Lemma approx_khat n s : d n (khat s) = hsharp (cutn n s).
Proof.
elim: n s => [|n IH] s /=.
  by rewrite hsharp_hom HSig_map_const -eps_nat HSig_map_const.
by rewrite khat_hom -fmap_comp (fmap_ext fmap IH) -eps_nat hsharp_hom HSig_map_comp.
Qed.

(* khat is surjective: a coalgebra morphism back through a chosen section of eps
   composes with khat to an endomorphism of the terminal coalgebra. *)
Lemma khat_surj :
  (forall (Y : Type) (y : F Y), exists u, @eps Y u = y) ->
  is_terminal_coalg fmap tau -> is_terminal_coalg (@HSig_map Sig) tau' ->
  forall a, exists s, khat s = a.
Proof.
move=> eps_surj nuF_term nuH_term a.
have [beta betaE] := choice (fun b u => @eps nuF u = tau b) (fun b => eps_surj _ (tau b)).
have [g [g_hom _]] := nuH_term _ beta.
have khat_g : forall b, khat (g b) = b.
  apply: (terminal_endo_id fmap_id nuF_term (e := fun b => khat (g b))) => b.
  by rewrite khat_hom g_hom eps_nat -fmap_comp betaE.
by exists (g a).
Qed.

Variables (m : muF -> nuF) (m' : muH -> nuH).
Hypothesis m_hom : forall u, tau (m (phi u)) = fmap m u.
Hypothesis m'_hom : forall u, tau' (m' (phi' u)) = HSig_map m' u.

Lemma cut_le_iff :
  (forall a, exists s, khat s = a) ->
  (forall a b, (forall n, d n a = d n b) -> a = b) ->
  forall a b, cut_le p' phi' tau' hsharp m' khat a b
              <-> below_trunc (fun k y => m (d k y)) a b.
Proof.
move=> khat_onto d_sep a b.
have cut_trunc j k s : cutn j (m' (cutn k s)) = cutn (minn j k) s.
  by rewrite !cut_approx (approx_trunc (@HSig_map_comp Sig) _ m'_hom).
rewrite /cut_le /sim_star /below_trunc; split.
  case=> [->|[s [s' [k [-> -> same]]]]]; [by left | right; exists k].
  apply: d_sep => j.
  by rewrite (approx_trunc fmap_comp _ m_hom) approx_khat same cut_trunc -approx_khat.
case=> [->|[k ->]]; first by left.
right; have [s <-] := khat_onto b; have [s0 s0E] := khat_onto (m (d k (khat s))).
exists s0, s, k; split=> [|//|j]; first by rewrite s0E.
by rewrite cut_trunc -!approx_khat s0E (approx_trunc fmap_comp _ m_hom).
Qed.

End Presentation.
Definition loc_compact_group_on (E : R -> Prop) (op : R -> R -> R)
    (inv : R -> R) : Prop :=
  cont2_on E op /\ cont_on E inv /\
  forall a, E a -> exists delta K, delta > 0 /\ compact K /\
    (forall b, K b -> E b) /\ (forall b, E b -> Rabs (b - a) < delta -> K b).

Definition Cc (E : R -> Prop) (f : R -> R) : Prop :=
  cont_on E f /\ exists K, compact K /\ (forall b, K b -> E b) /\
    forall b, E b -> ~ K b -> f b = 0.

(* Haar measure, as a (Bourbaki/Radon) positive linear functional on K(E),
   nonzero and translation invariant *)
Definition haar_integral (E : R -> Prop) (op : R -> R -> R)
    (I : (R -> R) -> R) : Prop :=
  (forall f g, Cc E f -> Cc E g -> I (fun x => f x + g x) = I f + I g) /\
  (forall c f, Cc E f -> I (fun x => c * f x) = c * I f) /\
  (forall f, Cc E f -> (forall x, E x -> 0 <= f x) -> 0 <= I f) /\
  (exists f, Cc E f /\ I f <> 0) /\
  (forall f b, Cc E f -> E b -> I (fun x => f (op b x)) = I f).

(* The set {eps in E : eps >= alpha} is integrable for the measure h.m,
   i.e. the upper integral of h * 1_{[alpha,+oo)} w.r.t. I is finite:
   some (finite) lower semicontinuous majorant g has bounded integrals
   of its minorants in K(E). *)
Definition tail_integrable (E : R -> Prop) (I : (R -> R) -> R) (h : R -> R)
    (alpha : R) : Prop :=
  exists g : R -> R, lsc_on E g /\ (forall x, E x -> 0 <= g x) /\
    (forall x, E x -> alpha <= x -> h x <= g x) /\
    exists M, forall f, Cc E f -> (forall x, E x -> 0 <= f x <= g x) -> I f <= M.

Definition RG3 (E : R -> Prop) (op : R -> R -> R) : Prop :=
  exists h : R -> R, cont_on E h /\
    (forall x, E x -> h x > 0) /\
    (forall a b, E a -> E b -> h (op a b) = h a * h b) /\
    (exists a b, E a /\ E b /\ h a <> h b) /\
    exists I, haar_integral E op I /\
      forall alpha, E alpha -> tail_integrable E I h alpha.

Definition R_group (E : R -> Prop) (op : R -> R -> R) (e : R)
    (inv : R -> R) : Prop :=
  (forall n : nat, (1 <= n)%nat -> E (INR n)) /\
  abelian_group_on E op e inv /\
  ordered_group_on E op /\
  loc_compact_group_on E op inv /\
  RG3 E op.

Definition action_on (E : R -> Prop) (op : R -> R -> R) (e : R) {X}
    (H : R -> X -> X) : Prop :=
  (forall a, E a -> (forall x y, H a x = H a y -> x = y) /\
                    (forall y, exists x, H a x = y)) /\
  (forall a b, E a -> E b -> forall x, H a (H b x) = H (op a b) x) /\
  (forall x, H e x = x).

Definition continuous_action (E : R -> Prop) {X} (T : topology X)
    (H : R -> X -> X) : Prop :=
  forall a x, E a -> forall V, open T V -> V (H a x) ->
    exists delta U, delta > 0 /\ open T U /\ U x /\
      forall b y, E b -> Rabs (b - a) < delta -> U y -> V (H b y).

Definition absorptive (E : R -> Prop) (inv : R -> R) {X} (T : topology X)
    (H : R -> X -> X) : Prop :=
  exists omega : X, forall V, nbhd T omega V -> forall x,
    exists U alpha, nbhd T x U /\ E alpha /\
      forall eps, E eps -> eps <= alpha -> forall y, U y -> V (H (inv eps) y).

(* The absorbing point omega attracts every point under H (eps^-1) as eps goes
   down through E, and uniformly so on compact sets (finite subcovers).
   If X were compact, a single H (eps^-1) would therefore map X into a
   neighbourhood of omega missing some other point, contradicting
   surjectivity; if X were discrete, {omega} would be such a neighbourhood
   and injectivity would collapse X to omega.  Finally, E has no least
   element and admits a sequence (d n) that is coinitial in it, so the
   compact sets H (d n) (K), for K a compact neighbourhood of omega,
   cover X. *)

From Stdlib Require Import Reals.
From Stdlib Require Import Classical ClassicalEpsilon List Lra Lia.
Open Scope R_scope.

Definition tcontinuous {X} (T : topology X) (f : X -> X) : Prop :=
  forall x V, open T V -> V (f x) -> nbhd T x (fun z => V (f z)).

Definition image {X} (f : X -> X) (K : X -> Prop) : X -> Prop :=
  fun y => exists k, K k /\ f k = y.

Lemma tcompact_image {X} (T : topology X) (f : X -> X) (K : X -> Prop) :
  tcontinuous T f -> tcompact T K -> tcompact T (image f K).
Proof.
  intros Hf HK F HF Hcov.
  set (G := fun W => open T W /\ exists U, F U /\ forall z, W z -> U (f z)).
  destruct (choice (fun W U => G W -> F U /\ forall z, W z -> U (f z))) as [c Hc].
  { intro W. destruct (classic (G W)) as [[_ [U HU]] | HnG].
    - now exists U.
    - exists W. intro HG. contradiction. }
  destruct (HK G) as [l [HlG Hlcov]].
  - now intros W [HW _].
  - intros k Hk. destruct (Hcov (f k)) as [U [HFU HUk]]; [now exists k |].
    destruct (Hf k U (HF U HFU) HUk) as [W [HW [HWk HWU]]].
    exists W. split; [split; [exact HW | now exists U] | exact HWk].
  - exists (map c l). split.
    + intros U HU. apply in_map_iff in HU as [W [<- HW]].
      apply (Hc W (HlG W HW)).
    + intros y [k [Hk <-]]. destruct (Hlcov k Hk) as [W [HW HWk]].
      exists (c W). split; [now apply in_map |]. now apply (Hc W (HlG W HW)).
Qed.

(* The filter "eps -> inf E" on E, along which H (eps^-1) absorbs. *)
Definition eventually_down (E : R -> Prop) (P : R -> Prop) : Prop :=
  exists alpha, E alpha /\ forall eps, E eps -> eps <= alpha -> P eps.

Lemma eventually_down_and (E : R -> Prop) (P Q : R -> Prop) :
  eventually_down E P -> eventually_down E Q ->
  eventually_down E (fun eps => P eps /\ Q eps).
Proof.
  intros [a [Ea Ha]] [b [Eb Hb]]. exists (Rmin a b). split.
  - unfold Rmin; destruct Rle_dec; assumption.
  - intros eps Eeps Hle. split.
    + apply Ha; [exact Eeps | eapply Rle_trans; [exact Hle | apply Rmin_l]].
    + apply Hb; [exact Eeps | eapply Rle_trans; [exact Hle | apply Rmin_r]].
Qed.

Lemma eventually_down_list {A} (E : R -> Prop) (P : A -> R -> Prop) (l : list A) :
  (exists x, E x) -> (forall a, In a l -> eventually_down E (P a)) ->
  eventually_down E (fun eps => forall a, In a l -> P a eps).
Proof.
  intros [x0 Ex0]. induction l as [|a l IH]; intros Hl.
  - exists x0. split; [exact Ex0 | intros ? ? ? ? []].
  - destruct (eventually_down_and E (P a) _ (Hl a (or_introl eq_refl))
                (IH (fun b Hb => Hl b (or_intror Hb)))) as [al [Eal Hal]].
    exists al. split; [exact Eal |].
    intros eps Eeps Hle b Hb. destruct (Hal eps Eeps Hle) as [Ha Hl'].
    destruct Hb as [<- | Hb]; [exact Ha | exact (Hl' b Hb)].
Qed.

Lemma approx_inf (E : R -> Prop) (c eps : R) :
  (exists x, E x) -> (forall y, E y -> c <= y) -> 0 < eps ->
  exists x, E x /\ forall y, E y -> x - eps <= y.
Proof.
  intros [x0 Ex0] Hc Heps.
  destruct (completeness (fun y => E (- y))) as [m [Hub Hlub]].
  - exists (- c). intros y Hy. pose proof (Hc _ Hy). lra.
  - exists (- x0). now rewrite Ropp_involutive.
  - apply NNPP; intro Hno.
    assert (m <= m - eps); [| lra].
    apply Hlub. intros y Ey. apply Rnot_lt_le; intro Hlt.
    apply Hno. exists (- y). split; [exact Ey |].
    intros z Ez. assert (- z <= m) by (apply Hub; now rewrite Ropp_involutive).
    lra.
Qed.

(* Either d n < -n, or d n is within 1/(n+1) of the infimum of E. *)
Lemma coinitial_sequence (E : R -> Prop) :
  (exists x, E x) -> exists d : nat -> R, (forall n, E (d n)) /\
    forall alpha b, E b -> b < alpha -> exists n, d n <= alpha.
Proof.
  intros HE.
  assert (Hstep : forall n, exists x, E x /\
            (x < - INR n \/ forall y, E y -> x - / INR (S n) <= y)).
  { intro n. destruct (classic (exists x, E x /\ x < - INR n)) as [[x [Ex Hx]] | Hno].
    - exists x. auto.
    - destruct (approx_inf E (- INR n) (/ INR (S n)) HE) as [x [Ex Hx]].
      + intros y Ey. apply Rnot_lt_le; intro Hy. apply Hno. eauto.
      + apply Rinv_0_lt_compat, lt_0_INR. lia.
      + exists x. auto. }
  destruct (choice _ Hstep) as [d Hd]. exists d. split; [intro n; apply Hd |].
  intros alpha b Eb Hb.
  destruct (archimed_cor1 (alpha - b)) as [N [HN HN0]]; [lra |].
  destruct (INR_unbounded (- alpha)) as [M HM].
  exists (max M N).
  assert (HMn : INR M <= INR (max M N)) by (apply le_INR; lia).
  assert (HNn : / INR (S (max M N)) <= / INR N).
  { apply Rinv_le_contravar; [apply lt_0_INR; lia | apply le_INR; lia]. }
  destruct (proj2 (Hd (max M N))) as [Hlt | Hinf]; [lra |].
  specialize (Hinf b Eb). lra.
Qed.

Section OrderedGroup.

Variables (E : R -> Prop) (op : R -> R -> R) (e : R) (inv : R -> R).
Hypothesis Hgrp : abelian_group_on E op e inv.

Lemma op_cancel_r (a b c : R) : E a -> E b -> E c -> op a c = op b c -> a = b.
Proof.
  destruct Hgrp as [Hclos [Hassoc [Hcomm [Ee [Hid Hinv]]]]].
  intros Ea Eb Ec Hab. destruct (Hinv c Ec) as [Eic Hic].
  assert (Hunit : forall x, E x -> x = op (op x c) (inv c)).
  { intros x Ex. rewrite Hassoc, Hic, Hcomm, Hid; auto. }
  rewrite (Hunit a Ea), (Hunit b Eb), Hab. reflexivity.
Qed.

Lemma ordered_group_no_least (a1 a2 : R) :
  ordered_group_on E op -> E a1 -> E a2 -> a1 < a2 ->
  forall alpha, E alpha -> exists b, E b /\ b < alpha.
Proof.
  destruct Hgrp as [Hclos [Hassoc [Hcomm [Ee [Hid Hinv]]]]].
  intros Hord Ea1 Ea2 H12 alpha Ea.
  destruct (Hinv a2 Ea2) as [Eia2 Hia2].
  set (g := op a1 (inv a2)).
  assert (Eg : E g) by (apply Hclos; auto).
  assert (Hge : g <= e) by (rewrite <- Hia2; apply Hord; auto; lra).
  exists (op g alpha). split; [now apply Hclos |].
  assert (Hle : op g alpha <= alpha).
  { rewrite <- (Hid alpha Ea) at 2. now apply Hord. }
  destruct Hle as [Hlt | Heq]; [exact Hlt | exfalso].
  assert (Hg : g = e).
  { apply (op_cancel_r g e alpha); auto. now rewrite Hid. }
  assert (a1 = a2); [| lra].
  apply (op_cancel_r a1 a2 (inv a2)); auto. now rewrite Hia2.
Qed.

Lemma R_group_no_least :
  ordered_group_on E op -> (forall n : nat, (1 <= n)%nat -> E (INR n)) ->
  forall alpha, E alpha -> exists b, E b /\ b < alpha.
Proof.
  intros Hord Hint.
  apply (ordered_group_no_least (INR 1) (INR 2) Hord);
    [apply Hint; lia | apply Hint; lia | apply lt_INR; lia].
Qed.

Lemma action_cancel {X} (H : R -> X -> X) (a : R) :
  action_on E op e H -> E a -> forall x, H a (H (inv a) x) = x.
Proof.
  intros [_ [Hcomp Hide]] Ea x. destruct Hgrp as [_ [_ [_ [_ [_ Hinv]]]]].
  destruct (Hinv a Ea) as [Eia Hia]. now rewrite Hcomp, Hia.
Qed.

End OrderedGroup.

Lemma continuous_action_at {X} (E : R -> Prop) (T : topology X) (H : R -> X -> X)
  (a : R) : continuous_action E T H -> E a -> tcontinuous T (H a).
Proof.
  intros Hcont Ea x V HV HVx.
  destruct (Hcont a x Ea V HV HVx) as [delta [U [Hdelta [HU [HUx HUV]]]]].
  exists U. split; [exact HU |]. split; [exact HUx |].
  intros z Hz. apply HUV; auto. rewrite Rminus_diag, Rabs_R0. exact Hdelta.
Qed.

-.-.-

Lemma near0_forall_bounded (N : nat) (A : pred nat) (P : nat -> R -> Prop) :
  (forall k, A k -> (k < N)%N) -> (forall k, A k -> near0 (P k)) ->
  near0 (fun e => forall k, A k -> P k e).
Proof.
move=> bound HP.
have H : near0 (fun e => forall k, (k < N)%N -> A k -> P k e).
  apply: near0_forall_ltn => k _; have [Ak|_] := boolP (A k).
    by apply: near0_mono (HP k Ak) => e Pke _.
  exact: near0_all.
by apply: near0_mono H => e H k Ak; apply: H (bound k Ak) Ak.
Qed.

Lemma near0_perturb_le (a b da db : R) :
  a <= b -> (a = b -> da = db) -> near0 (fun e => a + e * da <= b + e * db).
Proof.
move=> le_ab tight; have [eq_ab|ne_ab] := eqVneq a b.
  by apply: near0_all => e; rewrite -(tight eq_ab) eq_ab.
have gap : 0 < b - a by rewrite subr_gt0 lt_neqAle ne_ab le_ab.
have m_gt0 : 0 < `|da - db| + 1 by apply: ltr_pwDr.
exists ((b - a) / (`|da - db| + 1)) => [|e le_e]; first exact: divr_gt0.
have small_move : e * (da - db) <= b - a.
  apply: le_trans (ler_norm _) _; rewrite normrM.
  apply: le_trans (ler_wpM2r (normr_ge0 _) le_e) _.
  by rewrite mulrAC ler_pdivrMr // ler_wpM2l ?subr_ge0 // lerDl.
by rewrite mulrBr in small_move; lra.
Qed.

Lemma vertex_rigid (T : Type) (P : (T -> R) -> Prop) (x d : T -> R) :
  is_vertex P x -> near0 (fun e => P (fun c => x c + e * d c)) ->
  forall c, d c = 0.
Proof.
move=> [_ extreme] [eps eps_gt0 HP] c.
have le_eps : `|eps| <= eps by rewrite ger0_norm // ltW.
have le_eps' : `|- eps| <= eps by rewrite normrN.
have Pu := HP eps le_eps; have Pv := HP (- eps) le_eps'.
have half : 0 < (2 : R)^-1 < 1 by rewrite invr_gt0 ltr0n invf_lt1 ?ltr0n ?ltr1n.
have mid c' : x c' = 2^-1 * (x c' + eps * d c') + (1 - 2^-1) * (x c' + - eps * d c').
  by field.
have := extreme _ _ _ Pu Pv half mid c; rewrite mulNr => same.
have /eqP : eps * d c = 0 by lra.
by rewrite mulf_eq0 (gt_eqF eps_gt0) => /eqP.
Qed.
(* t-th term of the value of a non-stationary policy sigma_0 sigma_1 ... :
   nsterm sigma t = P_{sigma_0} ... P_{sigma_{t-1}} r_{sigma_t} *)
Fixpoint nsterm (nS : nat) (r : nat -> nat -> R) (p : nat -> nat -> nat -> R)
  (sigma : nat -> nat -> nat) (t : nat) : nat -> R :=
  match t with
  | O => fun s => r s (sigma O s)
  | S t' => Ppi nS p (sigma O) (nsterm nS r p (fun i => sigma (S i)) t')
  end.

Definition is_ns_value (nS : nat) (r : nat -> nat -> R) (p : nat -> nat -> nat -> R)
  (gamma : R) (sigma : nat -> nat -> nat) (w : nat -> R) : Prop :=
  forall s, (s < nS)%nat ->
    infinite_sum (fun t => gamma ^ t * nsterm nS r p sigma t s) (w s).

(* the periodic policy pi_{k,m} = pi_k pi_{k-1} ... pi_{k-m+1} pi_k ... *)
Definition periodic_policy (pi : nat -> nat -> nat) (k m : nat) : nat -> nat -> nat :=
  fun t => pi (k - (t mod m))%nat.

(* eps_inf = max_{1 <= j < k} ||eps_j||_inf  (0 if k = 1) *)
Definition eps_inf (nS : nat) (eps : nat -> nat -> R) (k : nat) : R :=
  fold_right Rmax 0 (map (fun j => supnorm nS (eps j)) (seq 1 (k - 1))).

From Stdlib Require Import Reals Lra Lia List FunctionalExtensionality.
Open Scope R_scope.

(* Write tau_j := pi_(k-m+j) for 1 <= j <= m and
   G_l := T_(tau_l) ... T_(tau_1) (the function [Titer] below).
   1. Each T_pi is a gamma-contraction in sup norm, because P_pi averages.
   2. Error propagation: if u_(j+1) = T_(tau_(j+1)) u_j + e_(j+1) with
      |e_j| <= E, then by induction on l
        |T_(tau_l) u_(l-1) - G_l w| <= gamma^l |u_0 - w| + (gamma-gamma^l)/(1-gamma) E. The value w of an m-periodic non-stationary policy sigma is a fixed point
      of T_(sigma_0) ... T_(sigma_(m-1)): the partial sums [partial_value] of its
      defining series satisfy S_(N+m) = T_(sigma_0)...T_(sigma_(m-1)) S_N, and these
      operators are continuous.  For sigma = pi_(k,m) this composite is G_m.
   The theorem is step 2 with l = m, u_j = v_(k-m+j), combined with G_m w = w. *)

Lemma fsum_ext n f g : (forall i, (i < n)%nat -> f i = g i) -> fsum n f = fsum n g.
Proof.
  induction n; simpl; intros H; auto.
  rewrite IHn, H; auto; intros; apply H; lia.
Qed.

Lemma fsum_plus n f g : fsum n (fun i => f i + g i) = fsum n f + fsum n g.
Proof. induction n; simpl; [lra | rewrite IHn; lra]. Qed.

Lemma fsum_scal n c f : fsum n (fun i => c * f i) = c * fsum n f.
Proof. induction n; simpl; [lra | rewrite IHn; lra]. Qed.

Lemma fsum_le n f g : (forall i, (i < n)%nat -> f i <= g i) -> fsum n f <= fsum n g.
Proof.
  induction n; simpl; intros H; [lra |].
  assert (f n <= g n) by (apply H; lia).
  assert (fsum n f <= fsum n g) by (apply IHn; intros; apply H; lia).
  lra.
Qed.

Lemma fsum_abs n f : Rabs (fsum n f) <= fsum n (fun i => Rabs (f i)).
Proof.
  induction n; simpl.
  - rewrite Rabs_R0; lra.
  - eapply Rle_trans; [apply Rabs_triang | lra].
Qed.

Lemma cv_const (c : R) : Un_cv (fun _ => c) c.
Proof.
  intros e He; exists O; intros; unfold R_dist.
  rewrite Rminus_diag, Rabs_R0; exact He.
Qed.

-.-.-

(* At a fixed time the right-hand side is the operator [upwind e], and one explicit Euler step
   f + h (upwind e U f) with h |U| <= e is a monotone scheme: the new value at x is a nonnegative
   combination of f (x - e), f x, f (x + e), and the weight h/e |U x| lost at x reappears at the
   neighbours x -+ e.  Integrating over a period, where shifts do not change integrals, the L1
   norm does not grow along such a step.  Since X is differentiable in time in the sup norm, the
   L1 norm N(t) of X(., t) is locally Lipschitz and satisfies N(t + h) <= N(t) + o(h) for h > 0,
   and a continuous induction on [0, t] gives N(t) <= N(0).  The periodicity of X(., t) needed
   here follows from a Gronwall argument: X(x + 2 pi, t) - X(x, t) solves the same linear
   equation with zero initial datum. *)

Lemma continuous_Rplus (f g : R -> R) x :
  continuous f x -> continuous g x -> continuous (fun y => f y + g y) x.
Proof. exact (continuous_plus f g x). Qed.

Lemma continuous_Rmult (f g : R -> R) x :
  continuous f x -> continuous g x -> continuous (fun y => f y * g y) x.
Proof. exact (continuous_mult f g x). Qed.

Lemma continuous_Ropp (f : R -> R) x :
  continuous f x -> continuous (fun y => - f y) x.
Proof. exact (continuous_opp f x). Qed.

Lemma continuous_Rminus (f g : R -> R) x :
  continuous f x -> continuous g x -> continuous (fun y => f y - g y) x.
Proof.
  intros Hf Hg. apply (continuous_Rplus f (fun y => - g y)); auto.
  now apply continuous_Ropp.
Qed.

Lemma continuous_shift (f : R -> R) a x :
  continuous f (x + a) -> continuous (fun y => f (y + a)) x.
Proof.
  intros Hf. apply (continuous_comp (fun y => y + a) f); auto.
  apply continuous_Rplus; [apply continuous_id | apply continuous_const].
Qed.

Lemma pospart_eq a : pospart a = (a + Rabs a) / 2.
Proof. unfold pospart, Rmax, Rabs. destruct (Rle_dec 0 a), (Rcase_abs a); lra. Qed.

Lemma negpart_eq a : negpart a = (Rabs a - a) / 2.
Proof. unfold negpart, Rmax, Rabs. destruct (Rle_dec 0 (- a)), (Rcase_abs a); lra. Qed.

-.-.-

● **DESCRIPTION OF THE TASK**:
Out of the entries above, write out only the lines between the line holding "Lemma approx_khat n" and the line holding "Hypothesis m_hom : forall", inclusive, each exactly as given.

● **TASK RESULT**:
Lemma approx_khat n s : d n (khat s) = hsharp (cutn n s).
Proof.
elim: n s => [|n IH] s /=.
  by rewrite hsharp_hom HSig_map_const -eps_nat HSig_map_const.
by rewrite khat_hom -fmap_comp (fmap_ext fmap IH) -eps_nat hsharp_hom HSig_map_comp.
Qed.

(* khat is surjective: a coalgebra morphism back through a chosen section of eps
   composes with khat to an endomorphism of the terminal coalgebra. *)
Lemma khat_surj :
  (forall (Y : Type) (y : F Y), exists u, @eps Y u = y) ->
  is_terminal_coalg fmap tau -> is_terminal_coalg (@HSig_map Sig) tau' ->
  forall a, exists s, khat s = a.
Proof.
move=> eps_surj nuF_term nuH_term a.
have [beta betaE] := choice (fun b u => @eps nuF u = tau b) (fun b => eps_surj _ (tau b)).
have [g [g_hom _]] := nuH_term _ beta.
have khat_g : forall b, khat (g b) = b.
  apply: (terminal_endo_id fmap_id nuF_term (e := fun b => khat (g b))) => b.
  by rewrite khat_hom g_hom eps_nat -fmap_comp betaE.
by exists (g a).
Qed.

Variables (m : muF -> nuF) (m' : muH -> nuH).
Hypothesis m_hom : forall u, tau (m (phi u)) = fmap m u.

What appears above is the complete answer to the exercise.